Only lines containing the word "degree" belong in the answer; copy each one from the records.

Input records.
········
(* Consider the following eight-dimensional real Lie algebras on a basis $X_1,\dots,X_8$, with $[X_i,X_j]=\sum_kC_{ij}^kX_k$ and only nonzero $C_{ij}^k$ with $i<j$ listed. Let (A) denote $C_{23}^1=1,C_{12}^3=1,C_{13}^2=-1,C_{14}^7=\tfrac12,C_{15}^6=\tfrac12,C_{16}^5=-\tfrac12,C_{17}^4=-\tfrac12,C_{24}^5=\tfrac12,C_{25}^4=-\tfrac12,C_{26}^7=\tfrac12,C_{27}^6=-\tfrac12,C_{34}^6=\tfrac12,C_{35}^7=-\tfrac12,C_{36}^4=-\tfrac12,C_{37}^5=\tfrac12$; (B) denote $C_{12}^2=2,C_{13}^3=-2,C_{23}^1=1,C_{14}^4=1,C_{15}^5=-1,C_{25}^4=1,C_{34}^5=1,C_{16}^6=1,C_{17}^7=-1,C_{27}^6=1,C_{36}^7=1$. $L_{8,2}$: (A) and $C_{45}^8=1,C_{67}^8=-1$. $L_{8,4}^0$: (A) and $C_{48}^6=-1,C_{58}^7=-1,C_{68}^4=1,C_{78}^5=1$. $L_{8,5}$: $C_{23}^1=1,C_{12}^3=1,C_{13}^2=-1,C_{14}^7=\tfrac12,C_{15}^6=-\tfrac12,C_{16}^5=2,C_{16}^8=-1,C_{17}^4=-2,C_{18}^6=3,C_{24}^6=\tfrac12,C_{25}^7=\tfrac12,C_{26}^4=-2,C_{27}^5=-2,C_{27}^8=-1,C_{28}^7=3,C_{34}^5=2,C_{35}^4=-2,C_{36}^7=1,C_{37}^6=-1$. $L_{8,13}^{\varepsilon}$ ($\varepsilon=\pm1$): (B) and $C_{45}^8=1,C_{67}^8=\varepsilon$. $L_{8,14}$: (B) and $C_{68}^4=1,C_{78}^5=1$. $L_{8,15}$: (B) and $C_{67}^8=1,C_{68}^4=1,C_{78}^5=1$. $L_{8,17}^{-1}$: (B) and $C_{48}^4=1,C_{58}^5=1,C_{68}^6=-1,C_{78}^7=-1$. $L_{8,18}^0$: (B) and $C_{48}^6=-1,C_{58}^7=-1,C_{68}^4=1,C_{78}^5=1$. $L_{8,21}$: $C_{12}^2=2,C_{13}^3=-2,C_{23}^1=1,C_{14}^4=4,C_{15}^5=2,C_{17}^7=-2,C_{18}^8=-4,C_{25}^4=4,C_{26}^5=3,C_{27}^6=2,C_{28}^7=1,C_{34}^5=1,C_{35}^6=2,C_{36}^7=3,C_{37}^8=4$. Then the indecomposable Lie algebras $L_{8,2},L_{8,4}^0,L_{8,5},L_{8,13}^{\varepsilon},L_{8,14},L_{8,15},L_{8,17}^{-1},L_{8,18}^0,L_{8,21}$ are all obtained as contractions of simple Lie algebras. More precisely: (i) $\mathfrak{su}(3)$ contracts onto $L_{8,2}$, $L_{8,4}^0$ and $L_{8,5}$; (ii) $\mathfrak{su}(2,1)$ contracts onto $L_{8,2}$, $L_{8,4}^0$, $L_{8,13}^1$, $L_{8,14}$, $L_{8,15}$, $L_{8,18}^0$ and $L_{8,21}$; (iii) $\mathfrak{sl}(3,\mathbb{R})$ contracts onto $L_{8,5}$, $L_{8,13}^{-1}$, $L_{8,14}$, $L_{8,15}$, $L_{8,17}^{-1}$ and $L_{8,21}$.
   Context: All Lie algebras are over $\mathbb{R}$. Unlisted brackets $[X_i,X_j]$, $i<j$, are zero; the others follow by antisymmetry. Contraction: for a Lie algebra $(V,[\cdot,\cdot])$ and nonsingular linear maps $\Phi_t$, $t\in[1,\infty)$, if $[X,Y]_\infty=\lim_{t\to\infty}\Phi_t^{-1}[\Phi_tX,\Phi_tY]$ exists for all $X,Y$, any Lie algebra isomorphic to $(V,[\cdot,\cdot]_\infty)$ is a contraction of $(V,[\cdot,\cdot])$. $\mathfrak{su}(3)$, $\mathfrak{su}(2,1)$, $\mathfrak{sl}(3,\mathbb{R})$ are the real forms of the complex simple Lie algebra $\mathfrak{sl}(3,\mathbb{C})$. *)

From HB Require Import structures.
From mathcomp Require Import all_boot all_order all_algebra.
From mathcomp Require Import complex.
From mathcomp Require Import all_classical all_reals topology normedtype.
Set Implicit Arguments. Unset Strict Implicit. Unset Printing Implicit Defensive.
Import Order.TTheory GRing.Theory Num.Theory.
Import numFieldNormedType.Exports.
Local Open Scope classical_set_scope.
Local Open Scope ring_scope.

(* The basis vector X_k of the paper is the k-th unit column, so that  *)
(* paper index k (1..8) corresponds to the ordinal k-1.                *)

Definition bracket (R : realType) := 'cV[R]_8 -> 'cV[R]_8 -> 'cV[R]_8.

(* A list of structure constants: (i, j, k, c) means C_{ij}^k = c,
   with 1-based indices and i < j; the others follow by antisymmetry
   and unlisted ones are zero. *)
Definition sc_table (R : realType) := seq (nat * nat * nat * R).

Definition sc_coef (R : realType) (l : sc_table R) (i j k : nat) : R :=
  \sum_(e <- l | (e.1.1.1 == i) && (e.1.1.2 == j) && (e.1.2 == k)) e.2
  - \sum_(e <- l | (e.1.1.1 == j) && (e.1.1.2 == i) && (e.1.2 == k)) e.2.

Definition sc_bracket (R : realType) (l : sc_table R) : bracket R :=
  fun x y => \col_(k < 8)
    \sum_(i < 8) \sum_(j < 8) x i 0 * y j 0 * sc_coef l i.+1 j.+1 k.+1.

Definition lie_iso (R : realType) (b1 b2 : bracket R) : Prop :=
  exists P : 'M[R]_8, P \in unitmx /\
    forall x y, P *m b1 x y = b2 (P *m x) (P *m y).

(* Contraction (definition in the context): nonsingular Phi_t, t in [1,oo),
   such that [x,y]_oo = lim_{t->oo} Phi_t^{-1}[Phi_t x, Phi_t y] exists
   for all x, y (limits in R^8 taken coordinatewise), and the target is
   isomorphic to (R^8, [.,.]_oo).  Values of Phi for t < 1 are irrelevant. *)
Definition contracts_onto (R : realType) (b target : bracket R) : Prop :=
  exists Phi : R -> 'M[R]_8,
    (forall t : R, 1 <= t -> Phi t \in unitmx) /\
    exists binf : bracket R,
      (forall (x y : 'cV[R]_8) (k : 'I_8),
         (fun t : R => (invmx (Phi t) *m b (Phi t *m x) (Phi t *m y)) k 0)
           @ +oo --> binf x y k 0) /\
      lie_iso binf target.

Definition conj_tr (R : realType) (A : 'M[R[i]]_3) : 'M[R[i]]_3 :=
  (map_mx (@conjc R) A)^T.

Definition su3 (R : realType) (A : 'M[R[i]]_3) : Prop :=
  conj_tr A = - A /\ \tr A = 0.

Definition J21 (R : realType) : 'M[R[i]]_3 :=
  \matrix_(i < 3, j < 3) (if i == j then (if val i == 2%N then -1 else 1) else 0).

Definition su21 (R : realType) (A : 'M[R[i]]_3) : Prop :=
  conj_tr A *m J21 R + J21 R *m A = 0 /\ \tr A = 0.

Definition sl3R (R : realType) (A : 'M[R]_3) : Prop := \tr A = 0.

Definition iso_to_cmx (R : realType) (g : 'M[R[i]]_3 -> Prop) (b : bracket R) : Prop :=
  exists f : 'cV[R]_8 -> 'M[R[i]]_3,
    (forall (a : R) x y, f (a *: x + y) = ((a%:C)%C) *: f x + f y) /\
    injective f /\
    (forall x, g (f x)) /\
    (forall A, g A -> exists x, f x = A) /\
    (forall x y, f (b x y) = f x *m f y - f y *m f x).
········
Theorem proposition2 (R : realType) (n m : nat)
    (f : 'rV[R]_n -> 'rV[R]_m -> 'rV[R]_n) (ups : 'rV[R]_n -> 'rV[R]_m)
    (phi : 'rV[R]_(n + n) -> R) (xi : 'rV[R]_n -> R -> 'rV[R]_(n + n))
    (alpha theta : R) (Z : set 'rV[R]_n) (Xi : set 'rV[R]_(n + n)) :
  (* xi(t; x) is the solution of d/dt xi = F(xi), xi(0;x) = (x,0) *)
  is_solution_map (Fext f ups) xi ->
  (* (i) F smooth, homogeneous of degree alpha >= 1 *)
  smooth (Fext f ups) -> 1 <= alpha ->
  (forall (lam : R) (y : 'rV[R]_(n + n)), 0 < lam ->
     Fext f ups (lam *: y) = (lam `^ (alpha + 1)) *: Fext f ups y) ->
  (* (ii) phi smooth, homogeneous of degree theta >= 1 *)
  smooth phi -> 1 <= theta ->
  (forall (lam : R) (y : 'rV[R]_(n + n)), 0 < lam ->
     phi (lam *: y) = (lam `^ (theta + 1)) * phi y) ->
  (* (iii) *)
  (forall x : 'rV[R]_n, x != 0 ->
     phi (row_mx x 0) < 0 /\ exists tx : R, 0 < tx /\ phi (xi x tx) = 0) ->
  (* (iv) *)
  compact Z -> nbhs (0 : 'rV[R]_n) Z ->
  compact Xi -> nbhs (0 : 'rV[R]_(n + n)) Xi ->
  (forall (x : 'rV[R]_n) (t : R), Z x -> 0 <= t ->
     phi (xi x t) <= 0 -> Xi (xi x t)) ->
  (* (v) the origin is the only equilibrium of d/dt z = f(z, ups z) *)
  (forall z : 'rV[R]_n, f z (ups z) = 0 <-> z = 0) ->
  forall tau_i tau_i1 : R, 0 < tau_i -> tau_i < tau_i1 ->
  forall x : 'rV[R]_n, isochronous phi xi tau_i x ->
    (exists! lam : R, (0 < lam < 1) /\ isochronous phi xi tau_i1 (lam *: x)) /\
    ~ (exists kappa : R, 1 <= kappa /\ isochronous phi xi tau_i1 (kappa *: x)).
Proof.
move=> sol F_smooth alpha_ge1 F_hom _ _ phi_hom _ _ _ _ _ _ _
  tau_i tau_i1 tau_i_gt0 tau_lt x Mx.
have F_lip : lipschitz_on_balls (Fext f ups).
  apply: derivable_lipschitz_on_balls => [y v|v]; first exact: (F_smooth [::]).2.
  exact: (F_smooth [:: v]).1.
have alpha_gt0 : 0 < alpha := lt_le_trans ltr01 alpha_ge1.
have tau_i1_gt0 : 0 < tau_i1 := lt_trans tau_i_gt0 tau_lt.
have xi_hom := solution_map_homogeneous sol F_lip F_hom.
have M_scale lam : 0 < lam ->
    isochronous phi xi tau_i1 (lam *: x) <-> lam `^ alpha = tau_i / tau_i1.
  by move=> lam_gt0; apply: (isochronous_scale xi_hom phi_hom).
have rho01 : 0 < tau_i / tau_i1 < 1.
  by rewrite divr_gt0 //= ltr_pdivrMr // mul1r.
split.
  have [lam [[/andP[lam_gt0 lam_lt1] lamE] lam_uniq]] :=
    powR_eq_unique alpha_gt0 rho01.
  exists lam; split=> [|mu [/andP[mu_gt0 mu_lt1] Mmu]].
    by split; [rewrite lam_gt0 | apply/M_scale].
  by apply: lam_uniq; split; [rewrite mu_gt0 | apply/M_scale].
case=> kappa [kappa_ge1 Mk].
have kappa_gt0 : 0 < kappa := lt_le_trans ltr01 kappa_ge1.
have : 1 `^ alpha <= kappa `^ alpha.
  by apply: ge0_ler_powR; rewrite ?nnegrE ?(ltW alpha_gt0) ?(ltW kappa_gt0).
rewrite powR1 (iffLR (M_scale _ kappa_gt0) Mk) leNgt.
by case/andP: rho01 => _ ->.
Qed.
········
The answer.
  (* (i) F smooth, homogeneous of degree alpha >= 1 *)
  (* (ii) phi smooth, homogeneous of degree theta >= 1 *)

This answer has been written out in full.